Christians: What do you think about these statements about Albert Einstein?
To set the stage here, consider the following quote from Einstein: "The word god is for me nothing more than the expression and product of human weaknesses, the Bible a collection of honorable, but still primitive legends which are nevertheless pretty childish. No interpretation no matter how subtle can change this." He was a pantheist and often said that he was religious in the sense of the awe he had for the universe, but found the idea of a personal God naive.
Now note what two Christians had to say to him about this.
A Roman Catholic lawyer told him: "In the past ten years nothing has been so calculated to make people think that Hitler had some reason to expel the Jews from Germany as your statement [criticizing the idea of a personal God]."
The founder of the Calvary Tabernacle Association in Oklahoma said: "Professor Einstein, I believe that every Christian in America will answer you, 'We will not give up our belief in our God and his son Jesus Christ but we invite you, if you do not believe in the God of the people of his nation, to go back where you came from.' [...] Professor Einstein, every Christian in America will immediately reply to you, 'Take your crazy, fallacious theory of evolution and go back to Germany where you came from, or stop trying to break down the faith of a people who gave you a welcome when you were forced to flee your native land.'"
Personally I was floored to hear this from two followers of the man who encouraged love and tolerance of all people. It seems to me that they are essentially saying "An ethnic Jew insulted my beliefs! I'll show him, I'll say the Holocaust was justified!" Even if they were in the right to condemn Einstein (which by the standards of Christ, they certainly were not), how can people like this sleep at night knowing they implicitly condone genocide as a lesser evil than blasphemy? How are people like this allowed to hold positions of respect in our society?
@adam: I didn't mean to imply they were. However, they weren't the first two people to ever say things along these lines and they won't be the last.
@Hope is certainty: I didn't fall to the floor; I was floored, as in, taken aback, baffled, etc. I do think my jaw literally dropped though.
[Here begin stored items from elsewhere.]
Inductive ldep : plabel -> plabel -> Prop :=
  | dA1 : forall a k t, ldep (PA a k) t
  | dA2 : forall t a k, ~ is_prefix t -> ldep t (PA a k)
  | dC1 : forall d t t', ldep t t' -> ldep (PSum d t) (PSum d t')
  | dC2 : forall d t t', ldep (PSum d t) (PSum (dbar d) t')
  | dP1 : forall d t t', ldep t t' -> ldep (PPar d t) (PPar d t')
  | dP2k : forall d t t', pkey t = pkey t' -> ldep (PPar d t) (PPar (dbar d) t')
  | dS1L : forall t tL tR, ldep t tL -> ldep (PPar DL t) (PSyn tL tR)
  | dS1R : forall t tL tR, ldep t tR -> ldep (PPar DR t) (PSyn tL tR)
  | dS2L : forall t tL tR, ldep tL t -> ldep (PSyn tL tR) (PPar DL t)
  | dS2R : forall t tL tR, ldep tR t -> ldep (PSyn tL tR) (PPar DR t)
  | dS3_1 : forall t1 t2 t1' t2', ldep t1 t1' -> lconn t2 t2' ->
      ldep (PSyn t1 t2) (PSyn t1' t2')
  | dS3_2 : forall t1 t2 t1' t2', ldep t2 t2' -> lconn t1 t1' ->
      ldep (PSyn t1 t2) (PSyn t1' t2').

Inductive lind : plabel -> plabel -> Prop :=
  | iC1 : forall d t t', lind t t' -> lind (PSum d t) (PSum d t')
  | iP1 : forall d t t', lind t t' -> lind (PPar d t) (PPar d t')
  | iP2k : forall d t t', pkey t <> pkey t' -> lind (PPar d t) (PPar (dbar d) t')
  | iS1L : forall t tL tR, lind t tL -> lind (PPar DL t) (PSyn tL tR)
  | iS1R : forall t tL tR, lind t tR -> lind (PPar DR t) (PSyn tL tR)
  | iS2L : forall t tL tR, lind tL t -> lind (PSyn tL tR) (PPar DL t)
  | iS2R : forall t tL tR, lind tR t -> lind (PSyn tL tR) (PPar DR t)
  | iS3 : forall t1 t2 t1' t2', lind t1 t1' -> lind t2 t2' ->
      lind (PSyn t1 t2) (PSyn t1' t2').

Definition t_ind (t1 t2 : trans) : Prop := t_connected t1 t2 /\ lind (tlab t1) (tlab t2).

(* the square generating event equivalence:
   t : P -> Q, u : P -> R, u' : Q -> S, t' : R -> S, with u' having the label and
   direction of u, t' those of t, and t ι u *)
Definition square (t t' : trans) : Prop :=
  exists u u',
    lts_trans t /\ lts_trans u /\ lts_trans u' /\ lts_trans t' /\
    src u = src t /\ src u' = tgt t /\ src t' = tgt u /\ tgt t' = tgt u' /\
    tlab u' = tlab u /\ fwd u' = fwd u /\ tlab t' = tlab t /\ fwd t' = fwd t /\
    t_ind t u.

Definition ev_eq : trans -> trans -> Prop := clos_refl_sym_trans trans square.

Definition event := trans -> Prop.
Definition is_event (e : event) : Prop :=
  exists t, lts_trans t /\ forall s, e s <-> ev_eq t s.

Definition e_connected (e1 e2 : event) : Prop :=
  exists t1 t2, e1 t1 /\ e2 t2 /\ t_connected t1 t2.
Definition e_composable (e1 e2 : event) : Prop :=
  exists t1 t2, e1 t1 /\ e2 t2 /\ t_composable t1 t2.
Definition e_ind (e1 e2 : event) : Prop :=
  exists t1 t2, e1 t1 /\ e2 t2 /\ t_ind t1 t2.
Definition e_dep (e1 e2 : event) : Prop :=
  exists t1 t2, e1 t1 /\ e2 t2 /\ ldep (tlab t1) (tlab t2).
Definition e_core_ind (e1 e2 : event) : Prop :=
  exists t1 t2, e1 t1 /\ e2 t2 /\ t_coinitial t1 t2 /\ t_ind t1 t2.

End CCSKP.
Lemma theta_in n : Theta (theta n).
Proof. by case: n => [|n] //; have [] := theta_argmin n.+1 isT. Qed.

Lemma surrogate_tight n : g n.+1 (theta n) = f (theta n).
Proof.
have [_ [_ [_ [h0 _]]]] := g_surrogate n.+1 isT.
by apply/eqP; rewrite -subr_eq0; apply/eqP.
Qed.

Lemma f_le_surrogate_next n : f (theta n.+1) <= g n.+1 (theta n.+1).
Proof.
have [g_ge _] := g_surrogate n.+1 isT.
exact: g_ge (theta_argmin n.+1 isT).
Qed.

Lemma surrogate_next_le n : g n.+1 (theta n.+1) <= f (theta n).
Proof.
have [_ theta_min] := theta_argmin n.+1 isT.
by rewrite -surrogate_tight; exact: theta_min (theta_in n).
Qed.

Lemma f_theta_nonincreasing n : f (theta n.+1) <= f (theta n).
Proof. exact: le_trans (f_le_surrogate_next n) (surrogate_next_le n). Qed.

Lemma residual_le_step n j :
  `|grad (h n.+1) (theta n.+1) ord0 j| <= L * norm2 (theta n.+1 - theta n).
Proof.
have [_ [_ [lip [_ grad0]]]] := g_surrogate n.+1 isT.
have := grad_coord_lipschitz _ _ (theta n.+1) (theta n) j lip.
by rewrite grad0 (_ : (0 : 'rV[R]_p) ord0 j = 0) ?mxE // subr0.
Qed.

Lemma residual_sqr_le_majorant :
  (forall n, (1 <= n)%N -> majorant f (g n)) ->
  forall n j, grad (h n.+1) (theta n.+1) ord0 j ^+ 2
              <= 4 * Num.max L 1 * (f (theta n) - f (theta n.+1)).
Proof.
move=> maj n j; have [_ [dh [lip _]]] := g_surrogate n.+1 isT.
have L'0 : 0 < Num.max L 1 by rewrite lt_max ltr01 orbT.
have lip' y z : norm2 (grad (h n.+1) y - grad (h n.+1) z)
                <= Num.max L 1 * norm2 (y - z).
  by apply: le_trans (lip y z) _; rewrite ler_wpM2r ?norm2_ge0 ?le_max ?lexx.
have h_ge0 y : 0 <= g n.+1 y - f y by rewrite subr_ge0; exact: maj.
apply: le_trans (sqr_grad_coord_le _ _ (theta n.+1) j L'0 h_ge0 dh lip') _.
apply: ler_wpM2l; first by rewrite mulr_ge0 // ltW.
by have := surrogate_next_le n; lra.
Qed.

Lemma residual_sqr_le_strongly_convex (rho : R) :
  0 < rho -> (forall n, (1 <= n)%N -> strongly_convex rho (g n)) ->
  forall n j, grad (h n.+1) (theta n.+1) ord0 j ^+ 2
              <= L ^+ 2 * (4 / rho) * (f (theta n) - f (theta n.+1)).
Proof.
move=> rho0 sc n j; set D := norm2 (theta n.+1 - theta n).
have step : rho * D ^+ 2 <= 4 * (f (theta n) - f (theta n.+1)).
  have := argmin_strongly_convex_gap _ _ _ _ _ Theta_convex (sc n.+1 isT)
            (theta_argmin n.+1 isT) (theta_in n).
  by rewrite surrogate_tight -/D; have := f_le_surrogate_next n; lra.
have res : grad (h n.+1) (theta n.+1) ord0 j ^+ 2 <= L ^+ 2 * D ^+ 2.
  have res_le := residual_le_step n j.
  have := ler_pM (normr_ge0 _) (normr_ge0 _) res_le res_le.
  by rewrite -expr2 real_normK ?num_real // -expr2 exprMn.
apply: le_trans res _; rewrite -mulrA ler_wpM2l ?sqr_ge0 //.
by rewrite mulrAC ler_pdivlMr // mulrC.
Qed.

Lemma residual_sqr_le_decrement :
  (forall n, (1 <= n)%N -> majorant f (g n)) \/
  (exists rho, 0 < rho /\ forall n, (1 <= n)%N -> strongly_convex rho (g n)) ->
  exists2 K, 0 <= K & forall n j, grad (h n.+1) (theta n.+1) ord0 j ^+ 2
                                  <= K * (f (theta n) - f (theta n.+1)).
Proof.
case=> [maj|[rho [rho0 sc]]].
  exists (4 * Num.max L 1); last exact: residual_sqr_le_majorant.
  by rewrite mulr_ge0 // le_max ler01 orbT.
exists (L ^+ 2 * (4 / rho)); last exact: residual_sqr_le_strongly_convex.
by rewrite mulr_ge0 ?sqr_ge0 // divr_ge0 // ltW.
Qed.

Hypothesis f_dirder :
  forall x y, Theta x -> Theta y -> dirder_exists f x (y - x).

Lemma dirder_ratio_ge_residual n y : Theta y -> y != theta n.+1 ->
  - \sum_(j < p) `|grad (h n.+1) (theta n.+1) ord0 j|
    <= dirder f (theta n.+1) (y - theta n.+1) / norm2 (y - theta n.+1).
Proof.
move=> Ty y_neq; have [_ [dh _]] := g_surrogate n.+1 isT.
have dist_gt0 : 0 < norm2 (y - theta n.+1) by rewrite norm2_gt0 // subr_eq0.
rewrite ler_pdivlMr // mulNr.
apply: le_trans (dirder_ge_argmin _ _ _ _ _ Theta_convex Ty
                   (theta_argmin n.+1 isT) (dh _) (f_dirder _ _ (theta_in n.+1) Ty)).
by rewrite lerN2; exact: le_trans (ler_norm _) (normr_diff_le _ _ _).
Qed.

Context {m : R}.
Hypothesis f_ge : forall x, m <= f x.

Lemma f_theta_decrement_cvg0 :
  (fun n => f (theta n) - f (theta n.+1)) @ \oo --> 0.
Proof.
apply: cvgn_decrement0; apply: nonincreasing_is_cvgn.
  by apply/nonincreasing_seqP; exact: f_theta_nonincreasing.
by exists m => _ [n _ <-].
Qed.

Lemma stationarity_near :
  (forall n, (1 <= n)%N -> majorant f (g n)) \/
  (exists rho, 0 < rho /\ forall n, (1 <= n)%N -> strongly_convex rho (g n)) ->
  forall e, 0 < e -> \forall n \near \oo, forall y, Theta y -> y != theta n ->
    - e <= dirder f (theta n) (y - theta n) / norm2 (y - theta n).
Proof.
move=> /residual_sqr_le_decrement[K K0 resK] e e0.
have [N _ small] := sum_abs_near_le _ _ _ _ K0 resK f_theta_decrement_cvg0 _ e0.
exists N.+1 => // -[//|n] /= Nn y Ty y_neq.
apply: le_trans (dirder_ratio_ge_residual _ _ Ty y_neq).
by rewrite lerN2; exact: small.
Qed.

End MajorizationMinimization.

Theorem proposition2p1 (R : realType) (p : nat) (Theta : set 'rV[R]_p)
  (f : 'rV[R]_p -> R) (L : R) (g : nat -> 'rV[R]_p -> R)
  (theta : nat -> 'rV[R]_p) :
  convex_set_rV Theta ->
  continuous f ->
  (exists m : R, forall x, m <= f x) ->
  (forall th th', Theta th -> Theta th' -> dirder_exists f th (th' - th)) ->
  Theta (theta 0%N) ->
  (forall n, (1 <= n)%N -> argmin_on Theta (g n) (theta n)) ->
  (forall n, (1 <= n)%N ->
     first_order_surrogate Theta L f (theta n.-1) (g n)) ->
  ((forall n, (1 <= n)%N -> majorant f (g n)) \/
   (exists rho : R, 0 < rho /\
      forall n, (1 <= n)%N -> strongly_convex rho (g n))) ->
  (forall n, f (theta n.+1) <= f (theta n)) /\
  (0 <= limn_einf (fun n =>
          ereal_inf [set ((dirder f (theta n) (th - theta n)
                            / norm2 (th - theta n))%:E)
                     | th in Theta `\ theta n]))%E.
Proof.
move=> cvx _ [m f_ge] f_dirder theta0 argmin surr maj_or_sc.
split; first exact: f_theta_nonincreasing theta0 argmin surr.
apply: limn_einf_ge0 => e e0.
apply: filterS
  (stationarity_near cvx theta0 argmin surr f_dirder f_ge maj_or_sc _ e0).
move=> n ratio_ge; apply: le_ereal_inf_tmp => _ [y [Ty y_neq] <-].
by rewrite lee_fin; apply: ratio_ge => //; apply/eqP.
Qed.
@Random Man86: I can understand that, but I don't think the anti-Semitic comments were at all merited. The first one blatantly implies that a single person's actions can make it acceptable to expel their entire ethnic group from your country (should we ban Germans from entering America because of Hitler?). The second one tells him to go back to Germany, which effectively would have been a death sentence for him. Both carry the ultimate implication that Einstein's blasphemous statement merited the treatment that Hitler gave to Jews.
@imacatholic2: I don't mean to imply that these statements somehow condemn all Christians by association with these two. I have been on t
@imacatholic2: For some reason Y!A chopped off the end of my message to you. I was saying: "I don't mean to imply that these statements somehow condemn all Christians by association with these two. I have been on the receiving end of such sweeping generalizations too many times to make that error and I apologize if it came off like I was. I was just appalled to read this and wanted to see if R&S Christians would recognize it for as bad as it was or if they would try to defend it."
@ChildoftheKing: It's the principles behind what they said; the fact that they're dead now doesn't matter. And it's not as harmless as you make it out to be. As I said, both statements imply that Einstein deserved to be put through what Hitler did to the Jews because of his (relatively innocent) comments about God.